(* Let $T$ be a string, let $1\le j\le |T|$, $1\le i\le j+1$, let $w$ be a string, and let $L=T[1..i-1]$, $R=T[j+1..|T|]$ and $T'=LwR$, with $|L|\ge |R|$ and $|w|\le |L|/2$. Suppose $T'$ is periodic and write $T'=(uv)^k u$ with $k\ge 2$ an integer and strings $u,v$ with $|uv|=\mathsf{per}(T')$. Suppose further that $|uvu|>|Lw|$, and let $x=\mathsf{cov}(\mathsf{bord}(uvu))$. Then $x$ covers $uvu$ if and only if $\mathsf{range}(Lw,|x|)\ge |uvu|-\max\{|u|,|x|\}$.
   Context: $S[i..j]$ denotes the factor of $S$ from position $i$ to $j$ (empty if $i>j$). A border of a nonempty string $S$ is a string that is both a proper prefix and a proper suffix of $S$; $\mathsf{bord}(S)$ is the longest border. If $S$ has a border $b$ then $|S|-|b|$ is a period of $S$; $\mathsf{per}(S)$ is the smallest period, and $S$ is periodic if $\mathsf{per}(S)\le |S|/2$. A string $f$ covers $S$ (is a cover of $S$) if every position of $S$ lies inside some occurrence of $f$ in $S$; $\mathsf{cov}(S)$ is the shortest cover of $S$. For $1\le k\le |S|$, $\mathsf{range}(S,k)$ is the largest $r$ such that $S[1..k]$ covers $S[1..r]$. *)

(* Strings are sequences over an eqType alphabet A.
   Positions are 0-indexed internally (paper: 1-indexed). *)
From mathcomp Require Import all_boot.
Set Implicit Arguments. Unset Strict Implicit. Unset Printing Implicit Defensive.

Section Strings.
Variable A : eqType.
Implicit Types (S f b : seq A).

Definition is_border b S : bool :=
  (size b < size S) && prefix b S && suffix b S.

Definition bord S : seq A :=
  take (\max_(l < size S | is_border (take l S) S) (l : nat)) S.

Definition is_period (p : nat) S : bool :=
  (0 < p) && all (fun q => onth S q == onth S (q + p)) (iota 0 (size S - p)).

(* per S: the smallest period of S (size S is always a period of a nonempty S). *)
Definition per S : nat := (find (fun p => is_period p S) (iota 1 (size S))).+1.

Definition periodic S : Prop := 2 * per S <= size S.

Definition occurs_at f S (i : nat) : bool :=
  (i + size f <= size S) && (take (size f) (drop i S) == f).

Definition covers f S : bool :=
  [forall p : 'I_(size S), exists i : 'I_(size S).+1,
     occurs_at f S i && (i <= p < i + size f)].

Definition is_cov x S : Prop :=
  covers x S /\ forall y, covers y S -> size x <= size y.

Definition range S (k : nat) : nat :=
  \max_(r < (size S).+1 | covers (take k S) (take r S)) (r : nat).

End Strings.

(* Write S = uvu and P = Lw, so P is a prefix of S with |P| >= |uv| + |u|/2.
   The shortest cover x of bord S is a border of S, and x has no border y with
   |x|/2 <= |y| < |x|, since such a y would cover x and hence bord S.
   Let c = |S| - max(|u|,|x|); x occurs at c, inside the second u if
   |x| <= |u| and as the suffix of S otherwise.  If x covers S, the occurrence
   covering the last position of S[1..c] overlaps the one at c by less than
   |x|/2, so it ends at some e with c <= e <= |P|, and P[1..|x|] = x covers
   P[1..e].  Conversely, if x covers S[1..c], the positions of S beyond c are
   covered by the suffix occurrence or, when |x| < |u|, by an occurrence
   inside the first u shifted by the period |uv|. *)

From mathcomp Require Import all_boot zify.
Set Implicit Arguments. Unset Strict Implicit. Unset Printing Implicit Defensive.

Section Covers.
Variable A : eqType.
Implicit Types (f g s S : seq A).

Lemma prefix_by_size f g S :
  prefix f S -> prefix g S -> size f <= size g -> prefix f g.
Proof.
rewrite !prefixE => /eqP fS /eqP gS fg.
by rewrite -gS take_takel // fS.
Qed.

Lemma occurs_atP f S i :
  reflect (exists s1 s2, S = s1 ++ f ++ s2 /\ size s1 = i) (occurs_at f S i).
Proof.
apply: (iffP andP) => [[fS /eqP Sf] | [s1 [s2 [-> <-]]]].
  exists (take i S), (drop (i + size f) S); split; last by rewrite size_takel; lia.
  by rewrite addnC -drop_drop -{1}Sf !cat_take_drop.
by rewrite drop_size_cat // take_size_cat // !size_cat; split; [lia|].
Qed.

Lemma occurs_at_size f S i : occurs_at f S i -> i + size f <= size S.
Proof. by case/andP. Qed.

Lemma occurs_at_take f S i n :
  i + size f <= n -> occurs_at f (take n S) i = occurs_at f S i.
Proof.
move=> le_n; rewrite /occurs_at size_take_min leq_min le_n !take_drop.
by rewrite take_takel // addnC.
Qed.

Lemma occurs_at_of_take f S i n : occurs_at f (take n S) i -> occurs_at f S i.
Proof.
move=> f_i; have := occurs_at_size f_i; rewrite size_take_min leq_min => /andP [le_n _].
by rewrite -(occurs_at_take _ le_n).
Qed.

Lemma occurs_at0 f S : occurs_at f S 0 = prefix f S.
Proof.
rewrite /occurs_at drop0 prefixE.
by case: eqP => [<- | _]; rewrite ?andbF // size_take_min geq_minr.
Qed.

Lemma occurs_at_suffix f S : suffix f S -> occurs_at f S (size S - size f).
Proof.
case/suffixP => s ->; apply/occurs_atP; exists s, [::].
by rewrite cats0 size_cat addnK.
Qed.

Lemma occurs_at_trans g f S i j :
  occurs_at g f j -> occurs_at f S i -> occurs_at g S (i + j).
Proof.
case/occurs_atP => [t1 [t2 [-> <-]]] /occurs_atP [s1 [s2 [-> <-]]].
apply/occurs_atP; exists (s1 ++ t1), (t2 ++ s2).
by rewrite !catA size_cat.
Qed.

Lemma occurs_at_overlap f S i j : occurs_at f S i -> occurs_at f S j ->
  i <= j <= i + size f -> prefix (drop (j - i) f) f.
Proof.
case/andP=> _ /eqP fi /andP [_ /eqP fj] /andP [le_ij le_jf].
have le_df : j - i <= size f by rewrite leq_subLR.
rewrite prefixE size_drop; apply/eqP.
have -> : drop (j - i) f = take (size f - (j - i)) (drop j S).
  by rewrite -{1}fi -{1}(subnK le_df) -take_drop drop_drop (subnK le_ij).
by rewrite -{2}fj take_takel ?leq_subr.
Qed.

Lemma coversP f S : reflect
  (forall p, p < size S -> exists2 i, occurs_at f S i & i <= p < i + size f)
  (covers f S).
Proof.
apply: (iffP forallP) => [cov p lt_p | cov p].
  by have /existsP [i /andP [f_i le_pi]] := cov (Ordinal lt_p); exists i.
have [i f_i le_pi] := cov p (ltn_ord p).
have lt_i : i < (size S).+1 by have := ltn_ord p; lia.
by apply/existsP; exists (Ordinal lt_i); rewrite /= f_i.
Qed.

Lemma covers_nil f : covers f [::].
Proof. by apply/coversP. Qed.

Lemma covers_size f S : covers f S -> 0 < size S -> size f <= size S.
Proof. by move=> /coversP cov /cov [i /occurs_at_size]; lia. Qed.

Lemma covers_prefix f S : covers f S -> 0 < size S -> prefix f S.
Proof.
move=> /coversP cov /cov [i f_i]; rewrite leqn0 => /andP [/eqP i0 _].
by rewrite -occurs_at0 -i0.
Qed.

Lemma covers_suffix f S : covers f S -> 0 < size S -> suffix f S.
Proof.
move=> /coversP cov S_gt0; have [|i /andP [le_S /eqP f_i] lt_i] := cov (size S).-1.
  by rewrite prednK.
by rewrite -f_i take_oversize ?suffix_drop // size_drop; lia.
Qed.

Lemma covers_border f S :
  prefix f S -> suffix f S -> size S <= 2 * size f -> covers f S.
Proof.
move=> f_pre f_suf le_S; apply/coversP => p lt_p.
have [lt_pf | le_fp] := ltnP p (size f).
  by exists 0; rewrite ?occurs_at0.
exists (size S - size f); first exact: occurs_at_suffix.
have := size_infix (prefixW f_pre); lia.
Qed.

Lemma covers_trans g f S : covers g f -> covers f S -> covers g S.
Proof.
move=> /coversP cov_g /coversP cov_f; apply/coversP => p lt_p.
have [i f_i lt_pi] := cov_f p lt_p.
have [|j g_j lt_pj] := cov_g (p - i); first lia.
by exists (i + j); [exact: occurs_at_trans g_j f_i | lia].
Qed.

Lemma covers_take f S e : covers f S -> size f <= e ->
  occurs_at f S (e - size f) -> covers f (take e S).
Proof.
move=> /coversP cov le_fe f_e; apply/coversP => p.
rewrite size_take_min leq_min => /andP [lt_pe /cov [i f_i lt_pi]].
have [le_ie | lt_ei] := leqP (i + size f) e.
  by exists i; rewrite ?occurs_at_take.
by exists (e - size f); rewrite ?occurs_at_take ?subnK //; lia.
Qed.

Lemma is_cov_size x S : is_cov x S -> size x <= size S.
Proof.
case=> x_S x_min; have [/size0nil S0 | ] := posnP (size S).
  by rewrite S0; apply: x_min; rewrite S0 covers_nil.
exact: covers_size.
Qed.

Lemma is_cov_border x S : is_cov x S -> prefix x S && suffix x S.
Proof.
move=> x_cov; have [S0 | S_gt0] := posnP (size S).
  have /size0nil -> : size x = 0 by have := is_cov_size x_cov; lia.
  by rewrite prefix0s suffix0s.
by case: x_cov => x_S _; rewrite covers_prefix ?covers_suffix.
Qed.

Lemma is_cov_border_half x S y : is_cov x S ->
  prefix y x -> suffix y x -> size y < size x -> 2 * size y < size x.
Proof.
case=> x_S x_min y_pre y_suf lt_yx; rewrite ltnNge; apply/negP => le_x.
have := x_min y (covers_trans (covers_border y_pre y_suf le_x) x_S); lia.
Qed.

Lemma bord_is_border S : 0 < size S -> is_border (bord S) S.
Proof.
move=> S_gt0; rewrite /bord; elim/big_ind: _ => [|m n|//].
  by rewrite /is_border take0 S_gt0 prefix0s suffix0s.
by rewrite /maxn; case: ifP.
Qed.

Lemma range_max S k r :
  r <= size S -> covers (take k S) (take r S) -> r <= range S k.
Proof.
move=> le_r r_cov; exact: (bigmax_sup (Ordinal (le_r : r < (size S).+1)) r_cov).
Qed.

Lemma range_covers S k : covers (take k S) (take (range S k) S).
Proof.
rewrite /range (bigmax_eq_arg ord0) ?take0 ?covers_nil //.
by case: arg_maxnP; rewrite ?take0 ?covers_nil.
Qed.

Lemma range_le_size S k : range S k <= size S.
Proof. by apply/bigmax_leqP => r _; rewrite -ltnS. Qed.

End Covers.

Section PeriodicCover.
Variables (A : eqType) (u v P x : seq A).
Local Notation S := (u ++ v ++ u).

Lemma occurs_at_shift f i : occurs_at f S i -> i + size f <= size u ->
  occurs_at f S (size (u ++ v) + i).
Proof.
move=> f_i le_u; rewrite -(occurs_at_take _ le_u) take_size_cat // in f_i.
apply: occurs_at_trans f_i _; apply/occurs_atP; exists (u ++ v), [::].
by rewrite cats0 catA.
Qed.

Hypothesis P_prefix : prefix P S.
Hypothesis x_prefix : prefix x S.
Hypothesis x_suffix : suffix x S.

Lemma occurs_at_cut : occurs_at x S (size S - maxn (size u) (size x)).
Proof.
have [le_xu | _] := leqP (size x) (size u); last exact: occurs_at_suffix.
have -> : size S - size u = size (u ++ v) + 0.
  by rewrite addn0 catA size_cat addnK.
by apply: occurs_at_shift; rewrite ?occurs_at0.
Qed.

Lemma take_P n : n <= size P -> take n P = take n S.
Proof.
move: P_prefix; rewrite prefixE => /eqP P_take le_n.
by rewrite -P_take take_takel.
Qed.

Lemma take_P_x : size x <= size P -> take (size x) P = x.
Proof. by move=> le_x; apply/eqP; rewrite -prefixE (prefix_by_size x_prefix). Qed.

Hypothesis P_long : 2 * size (u ++ v) + size u <= 2 * size P.

Lemma covers_of_range :
  size S - maxn (size u) (size x) <= range P (size x) -> covers x S.
Proof.
set n := range P (size x) => le_cn.
have size_uv := size_cat u v.
have size_S : size S = size (u ++ v) + size u by rewrite catA size_cat.
have [lt_Px | le_xP] := ltnP (size P) (size x).
  by apply: covers_border => //; lia.
have x_n : covers x (take n S).
  by have := range_covers P (size x); rewrite take_P_x // take_P ?range_le_size.
apply/coversP => p lt_p.
have [lt_pn | le_np] := ltnP p n.
  have [|i x_i lt_pi] := coversP _ _ x_n p; first by rewrite size_take_min; lia.
  by exists i; first exact: occurs_at_of_take x_i.
have [le_sp | lt_ps] := leqP (size S - size x) p.
  by exists (size S - size x); [exact: occurs_at_suffix | lia].
have [|i x_i lt_pi] := coversP _ _ x_n (p - size (u ++ v)).
  by rewrite size_take_min; lia.
exists (size (u ++ v) + i); last lia.
by apply: occurs_at_shift; [exact: occurs_at_of_take x_i | lia].
Qed.

Hypothesis uv_gt0 : 0 < size (u ++ v).
Hypothesis x_short : size x < size S.
Hypothesis x_borders :
  forall y, prefix y x -> suffix y x -> size y < size x -> 2 * size y < size x.

Lemma range_ge_of_covers :
  covers x S -> size S - maxn (size u) (size x) <= range P (size x).
Proof.
move=> x_S; set c := size S - maxn (size u) (size x).
have size_S : size S = size (u ++ v) + size u by rewrite catA size_cat.
have [|i x_i /andP [le_ic lt_ci]] := coversP _ _ x_S c.-1; first lia.
have lt_ec : 2 * (i + size x - c) < size x.
  have y_pre := occurs_at_overlap x_i occurs_at_cut (ltac:(lia)).
  have := x_borders y_pre (suffix_drop _ _); rewrite size_drop; lia.
have le_eP : i + size x <= size P by lia.
apply: leq_trans (_ : i + size x <= _); first lia.
apply: range_max; rewrite ?take_P_x ?take_P //; try lia.
by apply: covers_take; rewrite ?addnK //; lia.
Qed.

End PeriodicCover.

Theorem lemma15 (A : eqType) (T w : seq A) (i j : nat)
  (hj : 1 <= j <= size T) (hi : 1 <= i <= j.+1)
  (L R T' : seq A)
  (hL : L = take i.-1 T) (hR : R = drop j T) (hT' : T' = L ++ w ++ R)
  (hLR : size R <= size L) (hw : 2 * size w <= size L)
  (hper : periodic T')
  (u v : seq A) (k : nat) (hk : 2 <= k)
  (hdec : T' = flatten (nseq k (u ++ v)) ++ u)
  (huv : size (u ++ v) = per T')
  (hlong : size (L ++ w) < size (u ++ v ++ u))
  (x : seq A) (hx : is_cov x (bord (u ++ v ++ u))) :
  covers x (u ++ v ++ u) <->
  size (u ++ v ++ u) - maxn (size u) (size x) <= range (L ++ w) (size x).
Proof.
have uv_gt0 : 0 < size (u ++ v) by rewrite huv.
have T'_uvu : T' = (u ++ v ++ u) ++ v ++ flatten (nseq k.-2 (u ++ v)) ++ u.
  by case: k hk hdec => [|[|k]] // _ ->; rewrite /= -!catA.
have P_long : 2 * size (u ++ v) + size u <= 2 * size (L ++ w).
  by have := congr1 size T'_uvu; rewrite {1}hT' !size_cat; lia.
have P_prefix : prefix (L ++ w) (u ++ v ++ u).
  apply: (@prefix_by_size _ _ _ T'); last exact: ltnW.
    by rewrite hT' catA prefix_prefix.
  by rewrite T'_uvu prefix_prefix.
have /andP [/andP [B_short B_prefix] B_suffix] :
    is_border (bord (u ++ v ++ u)) (u ++ v ++ u).
  by apply: bord_is_border; rewrite catA size_cat addn_gt0 uv_gt0.
have /andP [x_B_prefix x_B_suffix] := is_cov_border hx.
have x_prefix := prefix_trans x_B_prefix B_prefix.
have x_suffix := suffix_trans x_B_suffix B_suffix.
have x_short := leq_ltn_trans (is_cov_size hx) B_short.
have x_borders := is_cov_border_half hx.
by split; [apply: range_ge_of_covers | apply: covers_of_range].
Qed.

● **About this task**: The expected result is every line above containing the string "reflect".

● **Answer box**:
  reflect (exists s1 s2, S = s1 ++ f ++ s2 /\ size s1 = i) (occurs_at f S i).
Lemma coversP f S : reflect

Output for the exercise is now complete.